There is a lot of buzz going around about Dathan Ritzenhein and his form changes. You either fall into one of two camps as Amby Burfoot stated in his blog on the subject: it’s great or insane (his article is here).
I’ve got to observe Salazar working on mechanics twice. I was fortunate enough to watch Salazar work on running mechanics with none other than Paula Radcliffe and Kara Goucher when I was up in Portland for the Nike HS Cross Country Champs last fall with Ryan. They were doing 100m strides on the track while filming it all with a high speed camera. I mostly sat back and observed as that’s my nature, but I couldn’t help but throw in my two cents on some things that I noticed. My “coaching” instincts on mechanics ingrained by Tom Tellez could only be held back for so long.
I’m not here to talk about what Radcliffe or Goucher or even Galen Rupp were working on, the point is that they all were working on something. Whether it was foot strike, arm stroke, or some other slight change in watching the group and then in talking with Salazar after, it was obvious the importance that mechanics were given. So it does not surprise me that Ritzenhein is the latest to get a mechanics makeover.
It’s strange to think that a man known for his horrible running style would be so adamant about the importance of running form, but that’s where were at. At the tail end of his career, Salazar worked with my coaching mentor, Tom Tellez, and said that that was what got him thinking about the importance of running mechanics. Since then, it seems like Salazar has tried to meld the distance and sprint/mechanics side of the sports.
The point of all this is that for too long there has been this concept that “you are stuck with what you got.” For some reason, we spend endless hours working on perfecting skills like throwing a baseball or hitting a golf ball but take the skill of running for granted. And make no mistake, it is a skill.
The research is rather interesting in this regard. With many animals walking or running are largely lower level nervous system activities. In many instances, the motor program is mostly at the spinal cord level through something called the Central Pattern Generator (Molinari, 2009). In studies on animals and humans with spine lesions that prevent higher level (i.e. the Brain) communication to the legs, animals can be retrained to have a walking pattern that somewhat mimics their normal gait (Duysens, 2005). People on the other hand can be reatrained to have a sort of walking movement with assistance but it is not near as normal as the animals. The reason is likely that the animals walking pattern relies on the lower level pattern, while humans use more of a mixture of both higher and lower level nervous system control. The higher level nervous system is believed to be more susceptible to learning/development.
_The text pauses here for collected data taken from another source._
(* Let $R$ be an associative ring with identity, and let $a,b,c,d\in R$ satisfy $bdb=bac$ and $dbd=acd$. If $ac\in R^{d}$, then $bd\in R^{d}$ and $(bd)^{d}=b\big((ac)^{d}\big)^2d$.
   Context: For $x\in R$, $\mathrm{comm}(x)=\{y\in R : xy=yx\}$ and $\mathrm{comm}^2(x)=\{y\in R : yz=zy \text{ for all } z\in\mathrm{comm}(x)\}$. $R^{inv}$ denotes the units of $R$, and $R^{qnil}=\{x\in R : 1+xy\in R^{inv}\text{ for every } y\in \mathrm{comm}(x)\}$. An element $x\in R$ has a generalized Drazin (g-Drazin) inverse if there is $y\in R$ with $y=yxy$, $y\in\mathrm{comm}^2(x)$ and $x-x^2y\in R^{qnil}$; such $y$ is unique and denoted $x^{d}$. $R^{d}$ is the set of elements having a g-Drazin inverse. *)

From HB Require Import structures.
From mathcomp Require Import all_boot all_order all_algebra.
Set Implicit Arguments. Unset Strict Implicit. Unset Printing Implicit Defensive.
Import GRing.Theory.
Local Open Scope ring_scope.

(* Associative ring with identity: mathcomp pzRingType (zero ring allowed). *)

Definition commut (R : pzRingType) (x : R) : R -> Prop := fun y => x * y = y * x.

Definition commut2 (R : pzRingType) (x : R) : R -> Prop :=
  fun y => forall z, commut x z -> y * z = z * y.

Definition is_unit (R : pzRingType) (x : R) : Prop :=
  exists y : R, x * y = 1 /\ y * x = 1.

Definition quasinil (R : pzRingType) (x : R) : Prop :=
  forall y, commut x y -> is_unit (1 + x * y).

Definition is_gDrazin_inv (R : pzRingType) (x y : R) : Prop :=
  y = y * x * y /\ commut2 x y /\ quasinil (x - x * x * y).

Definition has_gDrazin (R : pzRingType) (x : R) : Prop :=
  exists y, is_gDrazin_inv x y.

From HB Require Import structures.
From mathcomp Require Import all_boot all_order all_algebra.
Import GRing.Theory.
Local Open Scope ring_scope.

(* Put x := ac, so that bdb = bx and dbd = xd.  Then db commutes with x, hence
   with e := (ac)^d, and the identities y = y (bd) y and y in comm^2(bd) for
   y := b e^2 d reduce to those of e.  With the idempotent p := 1 - xe one gets
   bd - (bd)^2 y = bpd, and s := bpd is intertwined with q := xp = x - x^2 e by
   s b = b q and q (pd) = (pd) s; since (sw)^2 = b q (pd) w^2 for w in comm(s),
   Jacobson's lemma turns quasinilpotence of q into that of s. *)

Lemma is_unit_1add_mulC (R : pzRingType) (u v : R) :
  is_unit (1 + v * u) -> is_unit (1 + u * v).
Proof.
move=> [w [vuw wvu]]; exists (1 - u * w * v).
have uwv_r : u * w * v + u * v * (u * w * v) = u * v.
  have := congr1 (fun t => u * t * v) vuw.
  by rewrite /= mulr1 mulrDl mul1r mulrDr mulrDl !mulrA.
have uwv_l : u * w * v + u * w * v * (u * v) = u * v.
  have := congr1 (fun t => u * t * v) wvu.
  by rewrite /= mulr1 mulrDr mulr1 mulrDr mulrDl !mulrA.
split.
- by rewrite mulrBr mulr1 mulrDl mul1r opprD addrA -addrA -opprD uwv_r addrK.
- by rewrite mulrBl mul1r mulrDr mulr1 uwv_l addrK.
Qed.

Lemma is_unit_of_inv_lr (R : pzRingType) (u l r : R) :
  u * r = 1 -> l * u = 1 -> is_unit u.
Proof.
move=> ur lu; exists r; split=> //.
have -> : r = l by rewrite -[l]mulr1 -ur mulrA lu mul1r.
exact: lu.
Qed.

Lemma is_unit_1add_of_1sub_sqr (R : pzRingType) (t : R) :
  is_unit (1 - t * t) -> is_unit (1 + t).
Proof.
move=> [v [tv vt]]; apply: (@is_unit_of_inv_lr _ _ (v * (1 - t)) ((1 - t) * v)).
- by rewrite mulrA mulrDl mul1r mulrBr mulr1 addrA subrK.
- have sqrE : (1 - t) * (1 + t) = 1 - t * t.
    by rewrite mulrBl mul1r mulrDr mulr1 opprD addrA addrK.
  by rewrite -mulrA sqrE.
Qed.

Lemma quasinil_intertwined (R : pzRingType) (q s b t : R) :
  s = b * t -> s * b = b * q -> q * t = t * s -> quasinil q -> quasinil s.
Proof.
move=> sE sb qt qnil_q w; rewrite /commut => sw.
apply: is_unit_1add_of_1sub_sqr.
have ssE : s * s = b * q * t by rewrite {2}sE mulrA sb.
have sW : s * - (w * w) = - (w * w) * s.
  by rewrite mulrN mulNr mulrA sw -mulrA sw mulrA.
have -> : 1 - s * w * (s * w) = 1 + b * (q * (t * - (w * w))).
  by rewrite -mulrA (mulrA w) -sw !mulrA ssE !mulrN !mulrA.
apply: is_unit_1add_mulC; rewrite -mulrA; apply: qnil_q.
by rewrite /commut !mulrA qt -(mulrA t) sW mulrA -(mulrA _ s) sb !mulrA.
Qed.

Section GDrazinTransfer.

Variables (R : pzRingType) (x b d e : R).
Hypotheses (bdb : b * d * b = b * x) (dbd : d * b * d = x * d).
Hypotheses (exe : e = e * x * e) (e_comm2 : commut2 x e).
Hypothesis qnil_x : quasinil (x - x * x * e).

Lemma commut_x_db : x * (d * b) = d * b * x.
Proof.
by rewrite mulrA -dbd -!mulrA; congr (d * _); rewrite mulrA bdb.
Qed.

Lemma commut_e_x : e * x = x * e.
Proof. exact: e_comm2. Qed.

Lemma commut_e_db : e * (d * b) = d * b * e.
Proof. exact: e_comm2 commut_x_db. Qed.

Let bdbE u : u * b * d * b = u * b * x.
Proof. by rewrite -!mulrA; congr (u * _); rewrite !mulrA. Qed.

Let dbdE u : u * d * b * d = u * x * d.
Proof. by rewrite -!mulrA; congr (u * _); rewrite !mulrA. Qed.

Let edbE u : u * e * d * b = u * d * b * e.
Proof. by rewrite -!mulrA commut_e_db !mulrA. Qed.

Let exeE u : u * e * x * e = u * e.
Proof. by rewrite -!mulrA; congr (u * _); rewrite mulrA -exe. Qed.

Let eexE u : u * e * e * x = u * e.
Proof. by rewrite -mulrA commut_e_x mulrA exeE. Qed.

Lemma gDrazin_bd_outer : b * (e * e) * d = b * (e * e) * d * (b * d) * (b * (e * e) * d).
Proof. by rewrite !mulrA dbdE -!edbE dbdE exeE eexE. Qed.

Lemma gDrazin_bd_commut2 : commut2 (b * d) (b * (e * e) * d).
Proof.
move=> z; rewrite /commut => bdz.
have bdzE u : u * b * d * z = u * z * b * d.
  by rewrite -!mulrA; congr (u * _); move: bdz; rewrite -!mulrA.
have dzb_x : commut x (d * z * b) by rewrite /commut !mulrA -dbd bdzE bdbE.
have dzb_e : e * (d * z * b) = d * z * b * e by apply: e_comm2.
have edzbE u : u * e * d * z * b = u * d * z * b * e.
  by rewrite -!mulrA; congr (u * _); move: dzb_e; rewrite -!mulrA.
have xeeeE u : u * x * e * e * e = u * e * e.
  by rewrite -[u * x * e]mulrA -commut_e_x mulrA exeE.
by rewrite !mulrA -(eexE (b * e)) -(dbdE (b * e * e * e)) bdzE !edzbE bdz !mulrA bdbE xeeeE.
Qed.

Let p := 1 - x * e.

Let pp : p * p = p.
Proof. by rewrite {1}/p mulrBl mul1r /p mulrBr mulr1 mulrA exeE subrr subr0. Qed.

Let commut_p_x : x * p = p * x.
Proof. by rewrite /p mulrBr mulrBl mulr1 mul1r -mulrA commut_e_x mulrA. Qed.

Let commut_p_db : p * (d * b) = d * b * p.
Proof.
by rewrite /p mulrBl mulrBr mul1r mulr1 -(mulrA x) commut_e_db mulrA commut_x_db -mulrA.
Qed.

Lemma gDrazin_bd_quasinil :
  quasinil (b * d - b * d * (b * d) * (b * (e * e) * d)).
Proof.
have -> : b * d - b * d * (b * d) * (b * (e * e) * d) = b * p * d.
  by rewrite !mulrA dbdE -!edbE dbdE eexE /p mulrBr mulr1 mulrBl !mulrA.
apply: (@quasinil_intertwined _ (x * p) _ b (p * d)).
- by rewrite mulrA.
- by rewrite -!mulrA commut_p_db !mulrA bdb.
- rewrite !mulrA -(mulrA x p p) pp -(mulrA p d b) commut_p_db -(mulrA _ p p) pp.
  by rewrite -commut_p_db -(mulrA p) dbd mulrA -commut_p_x.
- by rewrite /p mulrBr mulr1 mulrA.
Qed.

End GDrazinTransfer.

Lemma is_gDrazin_inv_intertwined (R : pzRingType) (x b d e : R) :
  b * d * b = b * x -> d * b * d = x * d ->
  is_gDrazin_inv x e -> is_gDrazin_inv (b * d) (b * e ^+ 2 * d).
Proof.
move=> bdb dbd [exe [e_comm2 qnil_x]]; rewrite expr2.
split; first exact: gDrazin_bd_outer bdb dbd exe e_comm2.
split; first exact: gDrazin_bd_commut2 bdb dbd exe e_comm2.
exact: gDrazin_bd_quasinil bdb dbd exe e_comm2 qnil_x.
Qed.

Theorem theorem2p2 (R : pzRingType) (a b c d : R) :
  b * d * b = b * a * c -> d * b * d = a * c * d ->
  has_gDrazin (a * c) ->
  has_gDrazin (b * d) /\
  forall e : R, is_gDrazin_inv (a * c) e -> is_gDrazin_inv (b * d) (b * e ^+ 2 * d).
Proof.
move=> bdb dbd [e e_gD]; rewrite -(mulrA b a c) in bdb.
have transfer e' := @is_gDrazin_inv_intertwined R (a * c) b d e' bdb dbd.
by split; [exists (b * e ^+ 2 * d); exact: transfer | exact: transfer].
Qed.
At one time it had been thought that improvement in motor learning only occurred at the higher levels such as in the motor cortex in the brain. However, recent evidence has demonstrated that even at a spinal cord level, the movement pattern can be refined (Molinari, 2009). The movement pattern is generally improved by a better coordination of activating just the right amount of motor units to do the work, improving the cycling of motor unit activation, and decreasing the level of co-activation (when the opposing muscle is active at the same time as the main muscle). Additionally, as a movement becomes well refined, it is believed that the CNS becomes better at using all of the sensory information that is receiving, essentially weeding out the pertinent versus inconsequential information better than when first learning how to move.
Take a Chance
Carl Lewis set the national High School long jump record during his prep days. When he came to college, coach Tellez switched his takeoff leg. If letsrun or blogs were around back then, this change would have been ridiculed to no end. However, history shows it worked out pretty well. The point is that sometimes with top athletes or even with average athletes, we are afraid to change. It’s much easier to take the safe route and not change anything. With top athletes, many times we are afraid to coach them. This is the wrong approach. If you know what you are doing, be confident and make the change.
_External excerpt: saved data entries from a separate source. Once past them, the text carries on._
Definition abs_cont_on (a b : R) (g : R -> R) : Prop :=
  forall eps : R, 0 < eps -> exists2 delta : R, 0 < delta &
    forall (n : nat) (l r : nat -> R),
      (forall i, (i < n)%N -> a <= l i /\ l i <= r i /\ r i <= b) ->
      (forall i, (i.+1 < n)%N -> r i <= l i.+1) ->
      \sum_(i < n) (r i - l i) < delta ->
      \sum_(i < n) `|g (r i) - g (l i)| < eps.

Definition action (U : R -> R) (T : R) (g : R -> R) : \bar R :=
  (\int[@lebesgue_measure R]_(t in `[0%R, T]) (lagr U (derive1 g t) (g t))%:E)%E.

(* minimal action in time T between z and y on S^1 = R/Z, curves being
   represented by their (absolutely continuous) lifts to R *)
Definition actT (U : R -> R) (T : R) (y z : R) : \bar R :=
  ereal_inf [set action U T g | g in
     [set g : R -> R | abs_cont_on 0 T g /\ g 0 = z /\
                       exists n : int, g T = y + n%:~R]].

Definition peierls (U : R -> R) (y z : R) : \bar R :=
  ereal_sup [set ereal_inf [set actT U T y z | T in [set T | S <= T]]
            | S in [set: R]].

(* barrier on the line (common formula for h_R and h_L):
   inf over T >= 0 and AC curves g : [0,T] -> R with g 0 = z, g T = y *)
Definition hline (U : R -> R) (y z : R) : \bar R :=
  ereal_inf [set a : \bar R | exists (T : R) (g : R -> R),
     0 <= T /\ abs_cont_on 0 T g /\ g 0 = z /\ g T = y /\ a = action U T g].

Definition hR (U : R -> R) (y z : R) := hline U y z.
Definition hL (U : R -> R) (y z : R) := hline U y z.

(* tilde h_R(x_i; x_{j+1}) and tilde h_L(x_i; x_j), i j in 1..k,
   xs i = x_i (minima, indexed by int) *)
Definition thR (U : R -> R) (k : nat) (xs : int -> R) (i j : nat) : \bar R :=
  if (j < i)%N then hR U (xs i%:Z) (xs (j.+1)%:Z)
  else hR U (xs (i + k)%:Z) (xs (j.+1)%:Z).
Definition thL (U : R -> R) (k : nat) (xs : int -> R) (i j : nat) : \bar R :=
  if (i <= j)%N then hL U (xs i%:Z) (xs j%:Z)
  else hL U (xs (i%:Z - k%:Z)) (xs j%:Z).

Definition Wi (U : R -> R) (k : nat) (xs : int -> R) (i : nat) : \bar R :=
  \big[Order.min/+oo%E]_(j < k) (thR U k xs i j.+1 + thL U k xs i j.+1)%E.

Definition Wfun (U : R -> R) (k : nat) (xs : int -> R) (x : R) : \bar R :=
  \big[Order.min/+oo%E]_(j < k) (Wi U k xs j.+1 + peierls U x (xs (j.+1)%:Z))%E.

End Defs.

(* Taking the first alternative for every i gives back W(x), so the right-hand
   side is at most W(x); for the converse it suffices that
   W(x) <= W(x_{i+1/2}) + h(x; x_{i+1/2}), which follows from the triangle
   inequality h(x; z) <= h(y; z) + h(x; y) for the Peierls barrier with
   z = x_j and y = x_{i+1/2}.  That inequality comes from concatenating a curve
   from z to y in time T1 with one from y to x in time T2: the lift of the
   second curve is translated by an integer so that it starts where the first
   ends, which does not change its action because U' is 1-periodic, and the
   action of the concatenation is at most the sum of the two actions. *)

From HB Require Import structures.
From mathcomp Require Import all_boot all_order all_algebra.
From mathcomp Require Import all_classical all_reals all_analysis.
From mathcomp Require Import measurable_realfun lra.
Import Order.TTheory GRing.Theory Num.Theory.
Import numFieldNormedType.Exports.
Import HBNNSimple.
Set Implicit Arguments.
Unset Strict Implicit.
Unset Printing Implicit Defensive.
Local Open Scope ring_scope.
Local Open Scope classical_set_scope.

Section abs_cont.
Context {R : realType}.
Implicit Types (a b : R) (f g : R -> R).

Lemma abs_cont_on_cst a b c : abs_cont_on a b (fun=> c).
Proof.
move=> eps eps0; exists 1 => // n l r _ _ _.
by rewrite big1 // => i _; rewrite subrr normr0.
Qed.

Lemma abs_cont_onD a b f g :
  abs_cont_on a b f -> abs_cont_on a b g -> abs_cont_on a b (f \+ g).
Proof.
move=> acf acg eps eps0; have eps20 : 0 < eps / 2 by rewrite divr_gt0.
have [df df0 Hf] := acf _ eps20; have [dg dg0 Hg] := acg _ eps20.
exists (Num.min df dg); first by rewrite lt_min df0 dg0.
move=> n l r lr_in lr_sorted lr_sum.
apply: (@le_lt_trans _ _
  (\sum_(i < n) (`|f (r i) - f (l i)| + `|g (r i) - g (l i)|))).
  by apply: ler_sum => i _; rewrite /= opprD addrACA; exact: ler_normD.
rewrite big_split /= [eps]splitr; apply: ltrD.
- by apply: Hf => //; apply: lt_le_trans lr_sum _; rewrite ge_min lexx.
- by apply: Hg => //; apply: lt_le_trans lr_sum _; rewrite ge_min lexx orbT.
Qed.

Lemma abs_cont_on_comp a b a' b' f phi :
  (forall t, a' <= t <= b' -> a <= phi t <= b) ->
  {homo phi : s t / s <= t} ->
  (forall s t, s <= t -> phi t - phi s <= t - s) ->
  abs_cont_on a b f -> abs_cont_on a' b' (f \o phi).
Proof.
move=> phi_in phi_nd phi_lip acf eps eps0.
have [d d0 Hf] := acf _ eps0; exists d => // n l r lr_in lr_sorted lr_sum.
apply: (Hf n (phi \o l) (phi \o r)) => [i /lr_in [l0 [lr rb]]|i /lr_sorted|] /=.
- have /andP[al _] : a <= phi (l i) <= b.
    by apply: phi_in; rewrite l0 (le_trans lr rb).
  have /andP[_ rb'] : a <= phi (r i) <= b.
    by apply: phi_in; rewrite rb (le_trans l0 lr).
  by do !split => //; exact: phi_nd.
- exact: phi_nd.
- apply: le_lt_trans lr_sum; apply: ler_sum => i _; apply: phi_lip.
  by have [_ []] := lr_in i (ltn_ord i).
Qed.

End abs_cont.

Section derive1_translate.
Context {R : realType}.
Implicit Types (f g : R -> R).

Lemma near_eq_derive1 f g t :
  (\forall s \near t, f s = g s) -> derive1 f t = derive1 g t.
Proof. by move=> fg; rewrite !derive1E; exact: near_eq_derive. Qed.

(* No differentiability is needed: the two difference quotients coincide. *)
Lemma derive1_translate f a c t :
  derive1 (fun s => f (s + a) + c) t = derive1 f (t + a).
Proof.
rewrite /derive1.
by under eq_fun => h do rewrite -[h + t + a]addrA opprD addrACA subrr addr0.
Qed.

Lemma derive1_skew_periodic (U : R -> R) (b : R) :
  (forall x, U (x + 1) = U x - b) ->
  forall x (n : int), derive1 U (x + n%:~R) = derive1 U x.
Proof.
move=> U_skew.
have U'_1 x : derive1 U (x + 1) = derive1 U x.
  rewrite -(derive1_translate U 1 0) -[in RHS](addr0 x).
  rewrite -(derive1_translate U 0 (- b)).
  by congr derive1; apply/funext => s; rewrite U_skew !addr0.
have U'_nat x (m : nat) : derive1 U (x + m%:R) = derive1 U x.
  by elim: m x => [|m IHm] x; rewrite ?addr0 // -addn1 natrD addrA U'_1 IHm.
move=> x [m|m]; first by rewrite -pmulrn U'_nat.
by rewrite NegzE mulrNz -pmulrn -[in RHS](subrK m.+1%:R x) U'_nat.
Qed.

End derive1_translate.

Section path_cat.
Context {R : realType}.
Implicit Types (g : R -> R) (t : R).

Lemma min_subr_le (c s t : R) : s <= t -> Num.min t c - Num.min s c <= t - s.
Proof.
by move=> st; have [sc|cs] := leP s c; have [tc|ct] := leP t c; lra.
Qed.

(* [g1] up to time [T1], then [g2] translated to start at [g1 T1]; written with
   [min] so that absolute continuity follows from sums and compositions. *)
Definition path_cat g1 g2 T1 t : R :=
  g1 (Num.min t T1) + (g2 (t - Num.min t T1) - g2 0).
This brings me to my own experience. I’ve worked with several runners who have had injury problems directly related to their running gait. I just worked with a young girl who had been having strange knee pain, and after looking at her gait and noticing her over striding and the big torque/twisting movement she was placing on the lower leg, I changed up her form. Since then she’s been injury free.
Similarly, with Ryan, we changed up his running form after his sophomore year. Even though he was having a lot of success, we stuck with the concept of trying to do what’s right and what we believed in. So, his form changed, and I’d think if you asked him, he’d tell you that one of the reasons he developed a kick and some actual speed was because of that change.
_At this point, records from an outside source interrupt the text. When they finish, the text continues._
(* Let $X$ be a compactum, let $n\geq2$, and let $f:X\to X$ be a function. Consider the statements: (1) $f$ is Touhey; (2) $F_n(f)$ is Touhey; (3) $SF_n(f)$ is Touhey. Then (2) and (3) are equivalent and (2) implies (1). Moreover, (1) does not imply (2) in general: there exist such $X$, $n$, $f$ with $f$ Touhey but $F_n(f)$ not Touhey.
   Context: A compactum is a nondegenerate compact, perfect, Hausdorff topological space. $F_n(X)$ is the set of nonempty subsets of $X$ with at most $n$ points, with the Vietoris topology; $F_1(X)=\{\{x\}:x\in X\}$; $F_n(f)(A)=f(A)$. $SF_n(X)=F_n(X)/F_1(X)$ is the quotient collapsing $F_1(X)$ to a point, $q$ the quotient map, $F_X=q(F_1(X))$, and $SF_n(f)(\chi)=q(F_n(f)(q^{-1}(\chi)))$ for $\chi\neq F_X$, $SF_n(f)(F_X)=F_X$. A function $g:Z\to Z$ is Touhey if for every pair of nonempty open $U,V\subseteq Z$ there exist a periodic point $z\in U$ (i.e. $g^m(z)=z$ for some $m\in\mathbb{N}$) and $k\in\mathbb{Z}_+$ with $g^k(z)\in V$. *)

From Stdlib Require List.
From HB Require Import structures.
From mathcomp Require Import all_boot all_order all_algebra.
From mathcomp Require Import all_classical all_reals all_analysis.
Set Implicit Arguments. Unset Strict Implicit. Unset Printing Implicit Defensive.
Import Order.TTheory GRing.Theory Num.Theory.
Local Open Scope classical_set_scope.

Definition compactum (X : topologicalType) : Prop :=
  [/\ compact [set: X], hausdorff_space X, perfect_set [set: X]
    & exists x y : X, x <> y].

Definition Touhey (Z : Type) (opn : set Z -> Prop) (g : Z -> Z) : Prop :=
  forall U V : set Z, opn U -> opn V -> U !=set0 -> V !=set0 ->
    exists z, U z /\ (exists m : nat, (0 < m)%N /\ iter m g z = z)
                  /\ (exists k : nat, V (iter k g z)).

Definition isFn (X : choiceType) (n : nat) (A : set X) : Prop :=
  A !=set0 /\ exists s : seq X, (size s <= n)%N /\ A = [set x | x \in s].

Definition Fn (X : choiceType) (n : nat) := {A : set X | isFn n A}.

(* Vietoris basic open set <U_1,...,U_k> *)
Definition vbase (X : choiceType) (n : nat) (Us : seq (set X)) (B : Fn X n) : Prop :=
  (forall x, proj1_sig B x -> exists U, List.In U Us /\ U x) /\
  (forall U, List.In U Us -> exists x, proj1_sig B x /\ U x).

Definition VOpen (X : topologicalType) (n : nat) (O : set (Fn X n)) : Prop :=
  forall A, O A -> exists Us : seq (set X),
    (forall U, List.In U Us -> open U) /\ vbase Us A /\ (forall B, vbase Us B -> O B).

Lemma isFn_image (X : choiceType) (n : nat) (f : X -> X) (A : set X) :
  isFn n A -> isFn n (f @` A).
Proof.
move=> [[x Ax] [s [hs eA]]]; split; first by exists (f x), x.
rewrite eA; exists (map f s); rewrite size_map; split => //.
apply/seteqP; split => y /=.
- by case=> z zs <-; exact: map_f.
- by move=> /mapP[z zs ->]; exists z.
Qed.

Definition Fn_map (X : choiceType) (n : nat) (f : X -> X) (A : Fn X n) : Fn X n :=
  exist _ (f @` proj1_sig A) (isFn_image f (proj2_sig A)).

Definition is_singleton (X : choiceType) (n : nat) (A : Fn X n) : Prop :=
  exists x, proj1_sig A = [set x].

(* SF_n(X) = F_n(X)/F_1(X): the collapsed point F_X is None, every other
   equivalence class is the singleton class of a non-singleton A, Some A. *)
Definition SFn (X : choiceType) (n : nat) :=
  option {A : Fn X n | ~ is_singleton A}.

Definition qmap (X : choiceType) (n : nat) (A : Fn X n) : SFn X n :=
  match pselect (is_singleton A) with
  | left _ => None
  | right h => Some (exist _ A h)
  end.

Definition SOpen (X : topologicalType) (n : nat) (O : set (SFn X n)) : Prop :=
  @VOpen X n (@qmap X n @^-1` O).

Definition SFn_map (X : choiceType) (n : nat) (f : X -> X) (c : SFn X n) : SFn X n :=
  match c with
  | None => None
  | Some A => qmap (Fn_map f (proj1_sig A))
  end.

From HB Require Import structures.
From mathcomp Require Import all_boot all_order all_algebra.
From mathcomp Require Import all_classical all_reals all_analysis.
From mathcomp Require Import zify.
Set Implicit Arguments. Unset Strict Implicit. Unset Printing Implicit Defensive.
Local Open Scope classical_set_scope.

(* The quotient map q : F_n(X) -> SF_n(X) is continuous and onto and semiconjugates
   F_n(f) to SF_n(f), so the Touhey property passes from F_n(f) to SF_n(f).
   Conversely, q is injective and open on the non-singletons, and when X is
   perfect and Hausdorff and n >= 2 every nonempty Vietoris open set contains a
   nonempty basic open set of non-singletons: add a second point close to a lone
   one, then separate two points by disjoint open sets.  So the property lifts
   back along q.  If A in <U> is F_n(f)-periodic and f^k(A) lies in <V>, then A is
   a finite f^m-invariant set and so contains an f-periodic point, which lies in
   U and is sent into V by f^k.

   For the counterexample, flip the first coordinate of the Cantor space and
   shift the others.  This map is Touhey, but all points of f^k(A) have the same
   first coordinate, so no iterate of a set in <[x_0 = 0]> meets both
   [x_0 = 0] and [x_0 = 1]. *)

Section semiconjugacy.
Variables (Z W : Type) (openZ : set Z -> Prop) (q : Z -> W).
Variables (g : Z -> Z) (h : W -> W).
Hypothesis q_semiconj : forall z, q (g z) = h (q z).

Lemma iter_semiconj k z : q (iter k g z) = iter k h (q z).
Proof. by elim: k => //= k IH; rewrite q_semiconj IH. Qed.

Lemma Touhey_quotient : (forall w, exists z, q z = w) ->
  Touhey openZ g -> Touhey (fun O => openZ (q @^-1` O)) h.
Proof.
move=> q_surj gT U V oU oV [w Uw] [w' Vw'].
have [u qu] := q_surj w; have [v qv] := q_surj w'; subst w w'.
have [||z [Uz [[m [m0 gm]] [k Vk]]]] := gT _ _ oU oV.
- by exists u.
- by exists v.
exists (q z); split=> //; split; first by exists m; rewrite -iter_semiconj gm.
by exists k; rewrite -iter_semiconj.
Qed.

Variable S : set Z.
Hypothesis q_inj_S : forall x y, S y -> q x = q y -> x = y.
Hypothesis open_shrink : forall U, openZ U -> U !=set0 ->
  exists U', [/\ openZ U', U' !=set0 & U' `<=` U `&` S].

Lemma preimage_image_S (U : set Z) : U `<=` S -> q @^-1` (q @` U) = U.
Proof.
move=> US; apply/seteqP; split=> [x [y Uy qyx]|x Ux]; last by exists x.
by rewrite (q_inj_S (US _ Uy) (esym qyx)).
Qed.

Lemma Touhey_from_quotient :
  Touhey (fun O => openZ (q @^-1` O)) h -> Touhey openZ g.
Proof.
move=> hT U V oU oV U0 V0.
have [U' [oU' [u U'u] U'U]] := open_shrink oU U0.
have [V' [oV' [v V'v] V'V]] := open_shrink oV V0.
have [||||w [[z U'z <-] [[m [m0 hm]] [k [y V'y qy]]]]] := hT (q @` U') (q @` V').
- by rewrite preimage_image_S // => x /U'U[].
- by rewrite preimage_image_S // => x /V'V[].
- by exists (q u), u.
- by exists (q v), v.
have [[Uz Sz] [Vy Sy]] := (U'U _ U'z, V'V _ V'y).
exists z; split=> //; split.
  by exists m; split=> //; apply: q_inj_S Sz _; rewrite iter_semiconj.
exists k; suff -> : iter k g z = y by [].
by apply: q_inj_S Sy _; rewrite iter_semiconj.
Qed.
End semiconjugacy.

Lemma iter_eventually_periodic (T : eqType) (g : T -> T) (s : seq T) (x : T) :
  (forall i, iter i g x \in s) ->
  exists i p, (0 < p)%N /\ iter p g (iter i g x) = iter i g x.
Proof.
move=> orbit_s; pose t := [seq iter i g x | i <- iota 0 (size s).+1].
have /(uniqPn x)[i [j [ij jt]]] : ~~ uniq t.
  apply/negP => /uniq_leq_size t_s.
  have : (size t <= size s)%N by apply: t_s => _ /mapP[i _ ->].
  by rewrite size_map size_iota ltnn.
rewrite size_map size_iota in jt.
rewrite !(nth_map 0) ?size_iota ?(ltn_trans ij) // !nth_iota ?(ltn_trans ij) //.
move=> eij; exists i, (j - i); rewrite subn_gt0 ij -iterD subnK ?(ltnW ij) //.
Qed.

Section vietoris.
Variables (X : topologicalType) (n : nat).

Lemma Fn_map_iter (f : X -> X) k (A : Fn X n) :
  proj1_sig (iter k (Fn_map f) A) = iter k f @` proj1_sig A.
Proof.
elim: k => [|k IH]; first by rewrite image_id.
by rewrite iterS /= IH image_comp.
Qed.

Definition Fn_of_seq (s : seq X) (hs : (size s <= n)%N) (x : X) (hx : x \in s) :
  Fn X n :=
  exist _ [set y | y \in s] (conj (ex_intro _ x hx) (ex_intro _ s (conj hs erefl))).

Lemma vbase_open (Us : seq (set X)) :
  (forall U, List.In U Us -> open U) -> VOpen (@vbase X n Us).
Proof. by move=> oUs A UsA; exists Us. Qed.

Lemma vbase1E (U : set X) (A : Fn X n) : vbase [:: U] A <-> proj1_sig A `<=` U.
Proof.
split=> [[AU _] x /AU[_ [[<-|[]] //]]|AU].
have [x Ax] := (proj2_sig A).1.
split=> [y Ay|_ [<-|[]]]; first by exists U; split; [left|exact: AU].
by exists x; split; [|exact: AU].
Qed.

Lemma qmap_Fn_map (f : X -> X) (A : Fn X n) : qmap (Fn_map f A) = SFn_map f (qmap A).
Proof.
rewrite {2}/qmap; case: pselect => [[x Ax]|//]; rewrite /qmap.
by case: pselect => // -[]; exists (f x); rewrite /= Ax image_set1.
Qed.

Lemma qmap_inj (A B : Fn X n) : ~ is_singleton B -> qmap A = qmap B -> A = B.
Proof.
rewrite /qmap => B1; case: (pselect (is_singleton B)) => [//|B1'].
by case: (pselect (is_singleton A)) => [//|A1] [].
Qed.

Lemma qmap_surj (x : X) : (0 < n)%N -> forall c : SFn X n, exists A, qmap A = c.
Proof.
move=> n0 [[A A1]|].
  by exists A; rewrite /qmap; case: pselect => // A1'; rewrite (Prop_irrelevance A1 A1').
exists (Fn_of_seq (s := [:: x]) n0 (mem_head x [::])).
rewrite /qmap; case: pselect => // -[]; exists x.
by apply/seteqP; split=> y; rewrite /= inE => /eqP.
Qed.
With all that being said, with Salazar and Ritzenhein, if they’ve researched it and are confident in their ability to make the change, I think it’ll work out well. The biggest problem that people run into with changing mechanics is being led down the wrong path. They make changes without knowing what they are doing, why they are doing it, or even what good mechanics are. This problem will get even worse with the rise of popularity of barefoot running and forefoot striking.
Generally, you’ll see an increase in injuries if you make changes without knowing what you are doing, and I believe this is what has given running form changes a bad name. Too many people with good intentions without knowing what to do and how to change. Remember that you are messing with probably 2 decades of motor programming. It’s easy to mess things up.
Salazar and his crew know what they are doing. If done properly, it’ll be a good change for Ritz.